Energy harvesting study of nonlinear oscillation induced by the flow in a finite wing

The converting of vibration into usable electrical energy has been investigated by several researches groups in the last decade. The main motivation is the possibility of obtaining alternatives electrical energy sources to power electronic system remotely operated and with limited energy sources. Different transduction mechanism has been presented in the energy harvesting literature. However the piezoelectric has been gained more attention because not only of its power density but also its ease of use. A promissory alternative that is becoming studied is the converting of aeroelastic oscillation into electrical energy. Despite of the destructive nature of unstable aeroelastic phenomena (such as, flutter), they present a great potential to the study of innovative mechanism to harvest energy. Although the piezoelectric energy conversion using linear aeroelastic has been investigated in the literature, the use of non linear aeroelastic system can be more practical and attractive. The non linear aeorelastic harvesting occurs by persistent oscillation and with limited amplitudes (Limited Cycle Oscillation – LCO) and can be performed by considerable velocity interval greater than the linear flutter speed.

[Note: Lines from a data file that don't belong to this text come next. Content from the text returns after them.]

Lemma cluster_point_subseq {A : Type} (d : A -> A -> R) (u : nat -> A) (l : A) :
  cluster_point d u l ->
  exists phi : nat -> nat, (forall k, (phi k < phi (S k))%nat) /\
    forall k, d (u (phi k)) l < / (INR k + 1).
Proof.
  intros H.
  assert (Hsel : forall Nk : nat * nat, exists n,
             (fst Nk <= n)%nat /\ d (u n) l < / (INR (snd Nk) + 1)).
  { intros [N k]. apply H, Rinv_0_lt_compat. simpl. pose proof (pos_INR k). lra. }
  destruct (choice _ Hsel) as [sel Hs].
  exists (fix phi k := match k with
                       | O => sel (O, O)
                       | S k' => sel (S (phi k'), S k')
                       end).
  split.
  - intros k. lazymatch goal with |- (_ < sel ?x)%nat => destruct (Hs x) as [Hk _] end.
    simpl in Hk. lia.
  - intros [|k]; apply Hs.
Qed.

Lemma unit_interval_seq3_cluster_point (a b c : nat -> R) :
  (forall n, -1 <= a n <= 1) -> (forall n, -1 <= b n <= 1) -> (forall n, -1 <= c n <= 1) ->
  exists la lb lc, forall eps, 0 < eps -> forall N, exists n, (N <= n)%nat /\
    Rdist (a n) la < eps /\ Rdist (b n) lb < eps /\ Rdist (c n) lc < eps.
Proof.
  intros Ha Hb Hc.
  destruct (interval_seq_cluster_point a _ _ Ha) as [la Hla].
  destruct (cluster_point_subseq _ _ _ Hla) as [phi [Hphi Hphi_a]].
  destruct (interval_seq_cluster_point (fun k => b (phi k)) (-1) 1) as [lb Hlb];
    [intros; apply Hb|].
  destruct (cluster_point_subseq _ _ _ Hlb) as [psi [Hpsi Hpsi_b]].
  destruct (interval_seq_cluster_point (fun k => c (phi (psi k))) (-1) 1) as [lc Hlc];
    [intros; apply Hc|].
  exists la, lb, lc. intros eps He N.
  destruct (inv_succ_eventually_lt eps He) as [K HK].
  destruct (Hlc eps He (max N K)) as [k [Hk Hk_c]].
  pose proof (strictly_increasing_ge_id _ Hphi (psi k)).
  pose proof (strictly_increasing_ge_id _ Hpsi k).
  exists (phi (psi k)). repeat split; [lia| | |exact Hk_c].
  - eapply Rlt_trans; [apply Hphi_a|]. apply HK. lia.
  - eapply Rlt_trans; [apply (Hpsi_b k)|]. apply HK. lia.
Qed.
Lemma unit_sphere_coord_bound (a b c : R) : a * a + b * b + c * c = 1 -> -1 <= a <= 1.
Proof. intros H. assert (0 <= b * b) by nra. assert (0 <= c * c) by nra. split; nra. Qed.

Lemma sqr_diff_bound (x y e : R) :
  Rdist x y < e -> -1 <= y <= 1 -> e <= 1 -> Rabs (x * x - y * y) <= 3 * e.
Proof.
  unfold Rdist. intros Hxy Hy He.
  replace (x * x - y * y) with ((x - y) * ((x - y) + 2 * y)) by ring.
  rewrite Rabs_mult, (Rmult_comm 3 e). apply Rmult_le_compat; try apply Rabs_pos; [lra|].
  eapply Rle_trans; [apply Rabs_triang|].
  rewrite Rabs_mult, (Rabs_right 2) by lra.
  assert (Rabs y <= 1) by (apply Rabs_le; lra). lra.
Qed.

Lemma unit_sphere_closed (la lb lc : R) :
  (forall e, 0 < e -> exists a b c, a * a + b * b + c * c = 1 /\
     Rdist a la < e /\ Rdist b lb < e /\ Rdist c lc < e) ->
  la * la + lb * lb + lc * lc = 1.
Proof.
  intros Happrox. set (s := la * la + lb * lb + lc * lc).
  destruct (Req_dec s 1) as [|Hne]; [assumption|exfalso].
  assert (Hgap : 0 < Rabs (s - 1)) by (apply Rabs_pos_lt; lra).
  set (e := Rmin 1 (Rabs (s - 1) / 18)).
  assert (He : 0 < e /\ e <= 1 /\ e <= Rabs (s - 1) / 18)
    by (unfold e; repeat split; [apply Rmin_pos; lra|apply Rmin_l|apply Rmin_r]).
  destruct (Happrox e (proj1 He)) as [a [b [c [Hs [Ha [Hb Hc]]]]]].
  rewrite R_dist_sym in Ha, Hb, Hc.
  pose proof (sqr_diff_bound la a e Ha (unit_sphere_coord_bound a b c Hs) (proj1 (proj2 He))).
  pose proof (sqr_diff_bound lb b e Hb
                (unit_sphere_coord_bound b a c ltac:(lra)) (proj1 (proj2 He))).
  pose proof (sqr_diff_bound lc c e Hc
                (unit_sphere_coord_bound c a b ltac:(lra)) (proj1 (proj2 He))).
  assert (Rabs (s - 1) <= 9 * e); [|lra].
  replace (s - 1) with ((la * la - a * a) + (lb * lb - b * b) + (lc * lc - c * c))
    by (unfold s; lra).
  eapply Rle_trans; [apply Rabs_triang|].
  eapply Rle_trans; [apply Rplus_le_compat_r, Rabs_triang|]. lra.
Qed.

Lemma dist3_lt_of_coords (a b c a' b' c' e : R) :
  0 < e -> Rdist a a' < e / 3 -> Rdist b b' < e / 3 -> Rdist c c' < e / 3 ->
  dist3 (a, b, c) (a', b', c') < e.
Proof.
  unfold Rdist, dist3. intros He Ha Hb Hc.
  apply Rabs_def2 in Ha, Hb, Hc.
  assert ((a - a') * (a - a') < e * e / 9) by nra.
  assert ((b - b') * (b - b') < e * e / 9) by nra.
  assert ((c - c') * (c - c') < e * e / 9) by nra.
  rewrite <- (sqrt_Rsqr e) by lra. apply sqrt_lt_1_alt. unfold Rsqr. simpl. assert (0 < e * e) by nra. split; [|lra].
  pose proof (Rle_0_sqr (a - a')). pose proof (Rle_0_sqr (b - b')).
  pose proof (Rle_0_sqr (c - c')). unfold Rsqr in *. lra.
Qed.

Section Compactness.

Variable X : MetricSpace.
Hypothesis HS2 : homeomorphic_to_S2 X.

Lemma seq_cluster_point (x : nat -> X) : exists z, cluster_point dist x z.
Proof.
  destruct HS2 as [f [g [Hgf [_ [_ Hg]]]]].
  set (P n := proj1_sig (f (x n))).
  set (a n := fst (fst (P n))). set (b n := snd (fst (P n))). set (c n := snd (P n)).
  assert (HP : forall n, a n * a n + b n * b n + c n * c n = 1).
  { intros n. pose proof (proj2_sig (f (x n))) as H. fold (P n) in H.
    unfold a, b, c. destruct (P n) as [[? ?] ?]. exact H. }
  destruct (unit_interval_seq3_cluster_point a b c) as [la [lb [lc Hl]]].
  { intros n. exact (unit_sphere_coord_bound _ _ _ (HP n)). }
  { intros n. apply (unit_sphere_coord_bound _ (a n) (c n)). specialize (HP n). lra. }
  { intros n. apply (unit_sphere_coord_bound _ (a n) (b n)). specialize (HP n). lra. }
  assert (Hs : la * la + lb * lb + lc * lc = 1).
  { apply unit_sphere_closed. intros e He. destruct (Hl e He O) as [n [_ Hn]].
    exists (a n), (b n), (c n). split; [apply HP|exact Hn]. }
  set (s := exist _ (la, lb, lc) Hs : S2).
  exists (g s). intros eps He N.
  destruct (Hg s eps He) as [delta [Hdelta Hcont]].
  destruct (Hl (delta / 3) ltac:(lra) N) as [n [Hn [Ha [Hb Hc]]]].
  exists n. split; [exact Hn|].
  rewrite <- (Hgf (x n)), dist_sym. apply Hcont.
  unfold distS2. simpl. fold (P n). unfold a, b, c in Ha, Hb, Hc.
  destruct (P n) as [[a' b'] c']. simpl in Ha, Hb, Hc.
  rewrite R_dist_sym in Ha, Hb, Hc. now apply dist3_lt_of_coords.
Qed.

Hypothesis Hintr : intrinsic X.

Lemma midpoint_exists (x y : X) :
  exists m, dist x m = dist x y / 2 /\ dist m y = dist x y / 2.
Proof.
  assert (Happrox : forall n : nat, exists z : X,
             dist x z <= dist x y / 2 + / (INR n + 1) /\
             dist z y <= dist x y / 2 + / (INR n + 1)).
  { intros n. apply Hintr, Rinv_0_lt_compat. pose proof (pos_INR n). lra. }
  destruct (choice _ Happrox) as [z Hz].
  destruct (seq_cluster_point z) as [m Hm]. exists m.
  assert (Hlim : forall w, (forall n, dist w (z n) <= dist x y / 2 + / (INR n + 1)) ->
                           dist w m <= dist x y / 2).
  { intros w Hw. apply Rnot_lt_le. intros Hlt.
    set (e := dist w m - dist x y / 2).
    destruct (inv_succ_eventually_lt (e / 2) ltac:(unfold e; lra)) as [N HN].
    destruct (Hm (e / 2) ltac:(unfold e; lra) N) as [n [Hn Hzn]].
    pose proof (dist_tri X w (z n) m). specialize (Hw n). specialize (HN n Hn).
    unfold e in *. lra. }
  assert (Hxm : dist x m <= dist x y / 2) by (apply Hlim; intros n; apply Hz).
  assert (Hym : dist y m <= dist x y / 2)
    by (apply Hlim; intros n; rewrite dist_sym; apply Hz).
  pose proof (dist_tri X x m y). rewrite (dist_sym X y m) in Hym. split; lra.
Qed.

Lemma midpoint_function_exists :
  exists mid : X -> X -> X,
    forall x y, dist x (mid x y) = dist x y / 2 /\ dist (mid x y) y = dist x y / 2.
Proof.
  destruct (choice (fun (xy : X * X) (m : X) => dist (fst xy) m = dist (fst xy) (snd xy) / 2 /\
                                                dist m (snd xy) = dist (fst xy) (snd xy) / 2))
    as [mid2 Hmid2]; [intros [x y]; now apply midpoint_exists|].
  exists (fun x y => mid2 (x, y)). intros x y. exact (Hmid2 (x, y)).
Qed.

End Compactness.

Lemma dist_diff_le (X : MetricSpace) (x y x' y' : X) :
  Rabs (dist x y - dist x' y') <= dist x x' + dist y y'.
Proof.
  pose proof (dist_tri X x x' y). pose proof (dist_tri X x' y' y).
  pose proof (dist_tri X x' x y'). pose proof (dist_tri X x y y').
  rewrite (dist_sym X x' x), (dist_sym X y' y) in *. split_Rabs; lra.
Qed.

Lemma dist_approx_param (X : MetricSpace) (x y x' y' : X) (a b a' b' h : R) :
  dist x' x <= h -> dist y' y <= h -> dist x' y' = Rabs (a' - b') ->
  Rabs (a' - a) <= h -> Rabs (b' - b) <= h -> Rabs (dist x y - Rabs (a - b)) <= 4 * h.
Proof.
  intros Hx Hy Hxy Ha Hb. pose proof (dist_diff_le X x y x' y') as Hdiff.
  rewrite (dist_sym X x x'), (dist_sym X y y'), Hxy in Hdiff.
  clear Hxy. split_Rabs; lra.
Qed.

Definition geodesic {X : MetricSpace} (g : R -> X) (L : R) : Prop :=
  forall a b, 0 <= a <= L -> 0 <= b <= L -> dist (g a) (g b) = Rabs (a - b).

Lemma dist_chain_le (X : MetricSpace) (Q : nat -> X) (N : nat) (h : R) :
  (forall i, (i < N)%nat -> dist (Q i) (Q (S i)) <= h) ->
  forall i j, (i <= j <= N)%nat -> dist (Q i) (Q j) <= (INR j - INR i) * h.
Proof.
  intros Hstep i j. induction j as [|j IH]; intros Hij.
  - replace i with O by lia. rewrite dist_refl. simpl. lra.
  - destruct (Nat.eq_dec i (S j)) as [->|Hne]; [rewrite dist_refl; lra|].
    pose proof (dist_tri X (Q i) (Q j) (Q (S j))).
    pose proof (IH ltac:(lia)). pose proof (Hstep j ltac:(lia)). rewrite S_INR. lra.
Qed.

Lemma dist_chain_eq (X : MetricSpace) (Q : nat -> X) (N : nat) (h : R) :
  (forall i, (i < N)%nat -> dist (Q i) (Q (S i)) <= h) ->
  INR N * h <= dist (Q O) (Q N) ->
  forall i j, (i <= j <= N)%nat -> dist (Q i) (Q j) = (INR j - INR i) * h.
Proof.
  intros Hstep HN i j Hij. apply Rle_antisym; [now apply (dist_chain_le X Q N)|].
  pose proof (dist_chain_le X Q N h Hstep O i ltac:(lia)).
  pose proof (dist_chain_le X Q N h Hstep j N ltac:(lia)).
  pose proof (dist_tri X (Q O) (Q i) (Q N)).
  pose proof (dist_tri X (Q i) (Q j) (Q N)). simpl in *. lra.
Qed.

(* [dyadic mid p q n i] is the point at the fraction [i / 2^n] of the way from [p] to [q],
   obtained by taking [n] rounds of midpoints. *)
Fixpoint dyadic {X : Type} (mid : X -> X -> X) (p q : X) (n i : nat) : X :=
  match n with
  | O => match i with O => p | _ => q end
  | S n' =>
      if Nat.odd i
      then mid (dyadic mid p q n' (Nat.div2 i)) (dyadic mid p q n' (S (Nat.div2 i)))
      else dyadic mid p q n' (Nat.div2 i)
  end.

Lemma dyadic_even {X : Type} mid (p q : X) n k :
  dyadic mid p q (S n) (2 * k) = dyadic mid p q n k.
Proof. cbn [dyadic]. now rewrite Nat.odd_even, Nat.div2_even. Qed.

Lemma dyadic_odd {X : Type} mid (p q : X) n k :
  dyadic mid p q (S n) (2 * k + 1) = mid (dyadic mid p q n k) (dyadic mid p q n (S k)).
Proof. cbn [dyadic]. now rewrite Nat.odd_odd, Nat.div2_odd'. Qed.

Lemma dyadic_refine {X : Type} mid (p q : X) k n i :
  dyadic mid p q (k + n) (i * 2 ^ k) = dyadic mid p q n i.
Proof.
  induction k as [|k IH]; [simpl; now rewrite Nat.mul_1_r|].
  replace (i * 2 ^ S k)%nat with (2 * (i * 2 ^ k))%nat by (rewrite Nat.pow_succ_r'; lia).
  simpl plus. now rewrite dyadic_even.
Qed.

Lemma INR_pow2 n : INR (2 ^ n) = 2 ^ n.
Proof. rewrite pow_INR. simpl INR. now replace (1 + 1) with 2 by lra. Qed.

Lemma div_pow2_eventually_lt (D e : R) :
  0 <= D -> 0 < e -> exists N, forall n, (N <= n)%nat -> D / 2 ^ n < e.
Proof.
  intros HD He.
  destruct (inv_succ_eventually_lt (e / (D + 1))) as [N HN];
    [apply Rdiv_lt_0_compat; lra|].
  exists N. intros n Hn. specialize (HN n Hn).
  pose proof (poly n 1 Rlt_0_1) as Hpow. replace (1 + 1) with 2 in Hpow by lra.
  pose proof (pos_INR n).
  apply Rle_lt_trans with ((D + 1) * / (INR n + 1)).
  - unfold Rdiv. apply Rmult_le_compat; try lra;
      [left; apply Rinv_0_lt_compat, pow_lt; lra|apply Rinv_le_contravar; lra].
  - apply Rmult_lt_compat_l with (r := D + 1) in HN; [|lra].
    replace ((D + 1) * (e / (D + 1))) with e in HN by (field; lra). exact HN.
Qed.

Lemma eq_0_of_le_div_pow2 (D x : R) :
  0 <= D -> (forall n, Rabs x <= D / 2 ^ n) -> x = 0.
Proof.
  intros HD H. destruct (Req_dec x 0) as [|Hx]; [assumption|exfalso].
  destruct (div_pow2_eventually_lt D (Rabs x) HD (Rabs_pos_lt x Hx)) as [N HN].
  specialize (HN N (le_n _)). specialize (H N). lra.
Qed.
Lemma quad2_ge0 a b c x y : 0 < a -> b ^+ 2 < a * c ->
  0 <= a * x ^+ 2 + 2 * b * x * y + c * y ^+ 2.
Proof.
move=> a0 abc; rewrite -(pmulr_rge0 _ a0).
have -> : a * (a * x ^+ 2 + 2 * b * x * y + c * y ^+ 2) =
          (a * x + b * y) ^+ 2 + (a * c - b ^+ 2) * y ^+ 2 by ring.
by rewrite addr_ge0 ?sqr_ge0 // mulr_ge0 ?sqr_ge0 // subr_ge0 ltW.
Qed.

Lemma quad2_gt0 a b c x y : 0 < a -> b ^+ 2 < a * c -> x != 0 ->
  0 < a * x ^+ 2 + 2 * b * x * y + c * y ^+ 2.
Proof.
move=> a0 abc x0; rewrite lt_def quad2_ge0 // andbT.
apply: contra x0 => /eqP q0.
have ac0 : 0 < a * c - b ^+ 2 by rewrite subr_gt0.
have : (a * x + b * y) ^+ 2 + (a * c - b ^+ 2) * y ^+ 2 = 0.
  by rewrite -[RHS](mulr0 a) -q0; ring.
move/eqP; rewrite (paddr_eq0 (sqr_ge0 _) (mulr_ge0 (ltW ac0) (sqr_ge0 _))).
rewrite !sqrf_eq0 mulf_eq0 (gt_eqF ac0) sqrf_eq0 /= => /andP[axby /eqP y0].
by move: axby; rewrite y0 mulr0 addr0 mulf_eq0 (gt_eqF a0).
Qed.

Lemma plane_isotropic_eq0 (p1 p2 b1 b2 r1 r2 s t : R) :
  det2 p1 p2 r1 r2 ^+ 2 < 4 * det2 b1 b2 r1 r2 * det2 p1 p2 b1 b2 ->
  s ^+ 2 * p1 + 2 * s * t * b1 + t ^+ 2 * r1 = 0 ->
  s ^+ 2 * p2 + 2 * s * t * b2 + t ^+ 2 * r2 = 0 ->
  s = 0 /\ t = 0.
Proof.
set d0 := det2 p1 p2 r1 r2; set d1 := det2 b1 b2 r1 r2; set d2 := det2 p1 p2 b1 b2.
move=> obs; set Q1 := _ + t ^+ 2 * r1; set Q2 := _ + t ^+ 2 * r2; move=> q1 q2.
have e0 : s ^+ 2 * d0 + 2 * s * t * d1 = r2 * Q1 - r1 * Q2.
  by rewrite /Q1 /Q2 /d0 /d1 /det2; ring.
have e1 : 2 * s * t * d2 + t ^+ 2 * d0 = p1 * Q2 - p2 * Q1.
  by rewrite /Q1 /Q2 /d0 /d2 /det2; ring.
have e2 : s ^+ 2 * d2 - t ^+ 2 * d1 = b2 * Q1 - b1 * Q2.
  by rewrite /Q1 /Q2 /d1 /d2 /det2; ring.
rewrite q1 q2 !mulr0 subrr in e0 e1 e2.
have d12 : 0 < d1 * d2 by have := sqr_ge0 d0; lra.
have st0 : s * t = 0.
  have : (s * t) ^+ 2 * (4 * d1 * d2 - d0 ^+ 2) = 0.
    have -> : (s * t) ^+ 2 * (4 * d1 * d2 - d0 ^+ 2) =
      (2 * s * t * d1) * (2 * s * t * d2) - (s ^+ 2 * d0) * (t ^+ 2 * d0) by ring.
    have -> : s ^+ 2 * d0 = - (2 * s * t * d1) by apply/eqP; rewrite -addr_eq0 e0.
    have -> : t ^+ 2 * d0 = - (2 * s * t * d2) by apply/eqP; rewrite -addr_eq0 addrC e1.
    ring.
  move/eqP; rewrite mulf_eq0 sqrf_eq0 => /orP[/eqP //|/eqP]; lra.
have d1n : d1 != 0 by apply: contraTneq d12 => ->; rewrite mul0r ltxx.
have d2n : d2 != 0 by apply: contraTneq d12 => ->; rewrite mulr0 ltxx.
move/eqP: st0; rewrite mulf_eq0 => /orP[/eqP s0|/eqP t0]; split => //.
- move/eqP: e2; rewrite s0 expr0n mul0r sub0r oppr_eq0 mulf_eq0 (negbTE d1n) orbF.
  by rewrite sqrf_eq0 => /eqP.
- move/eqP: e2; rewrite t0 expr0n mul0r subr0 mulf_eq0 (negbTE d2n) orbF.
  by rewrite sqrf_eq0 => /eqP.
Qed.

Lemma cross_coef_posdef (d0 d1 d2 : R) : d0 ^+ 2 < 4 * d1 * d2 ->
  0 < 2 * d1 ^+ 2 /\ (- d0 * d1) ^+ 2 < 2 * d1 ^+ 2 * (2 * d1 * d2).
Proof.
move=> d012; have d1n : d1 != 0.
  by apply: contraTneq d012 => ->; rewrite mulr0 mul0r ltNge sqr_ge0.
have d1sq : 0 < d1 ^+ 2 by rewrite exprn_even_gt0.
split; first by rewrite mulr_gt0.
have -> : (- d0 * d1) ^+ 2 = d1 ^+ 2 * d0 ^+ 2 by ring.
have -> : 2 * d1 ^+ 2 * (2 * d1 * d2) = d1 ^+ 2 * (4 * d1 * d2) by ring.
by rewrite ltr_pM2l.
Qed.

Lemma poly_cubic2_eq0 (a1 a2 a3 b1 b2 b3 c1 c2 c3 : R) :
  (forall s t, t * (a1 + a2 * t + a3 * t ^+ 2) + s * (b1 + b2 * s + b3 * s ^+ 2)
               + s * t * (c1 + c2 * s + c3 * t) = 0) ->
  [/\ a1 = 0, a2 = 0, a3 = 0 & [/\ b1 = 0, b2 = 0, b3 = 0 & [/\ c1 = 0, c2 = 0 & c3 = 0]]].
Proof.
move=> P.
move: (P 0 1) (P 0 (-1)) (P 0 2) (P 1 0) (P (-1) 0) (P 2 0) (P 1 1) (P 1 (-1)) (P (-1) 1).
rewrite !(mul0r, mulr0, add0r, addr0, mul1r, mulr1, mulN1r, mulrN1, expr1n, sqrrN, opprK).
by move=> *; split; [lra|lra|lra|split; [lra|lra|lra|split; lra]].
Qed.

The objective of this work is to investigate the energy harvesting by non linear aeroelastic oscillation. A finite element model of a thin plate (with piezoceramics) is developed), using the non linear hypothesis of von Karman. The unstable aerodynamic loading is obtained by a doublet-lattice method (DLM) and with its time domain conversion using the Roger approximation. The eletroaeroelastic results are presented for several wings with different aspect ratios, and with different resistance values in the electrical domain. The eletroaeroelastic results of the generator wing are investigated for several airspeed greater than its linear flutter speed. (AU)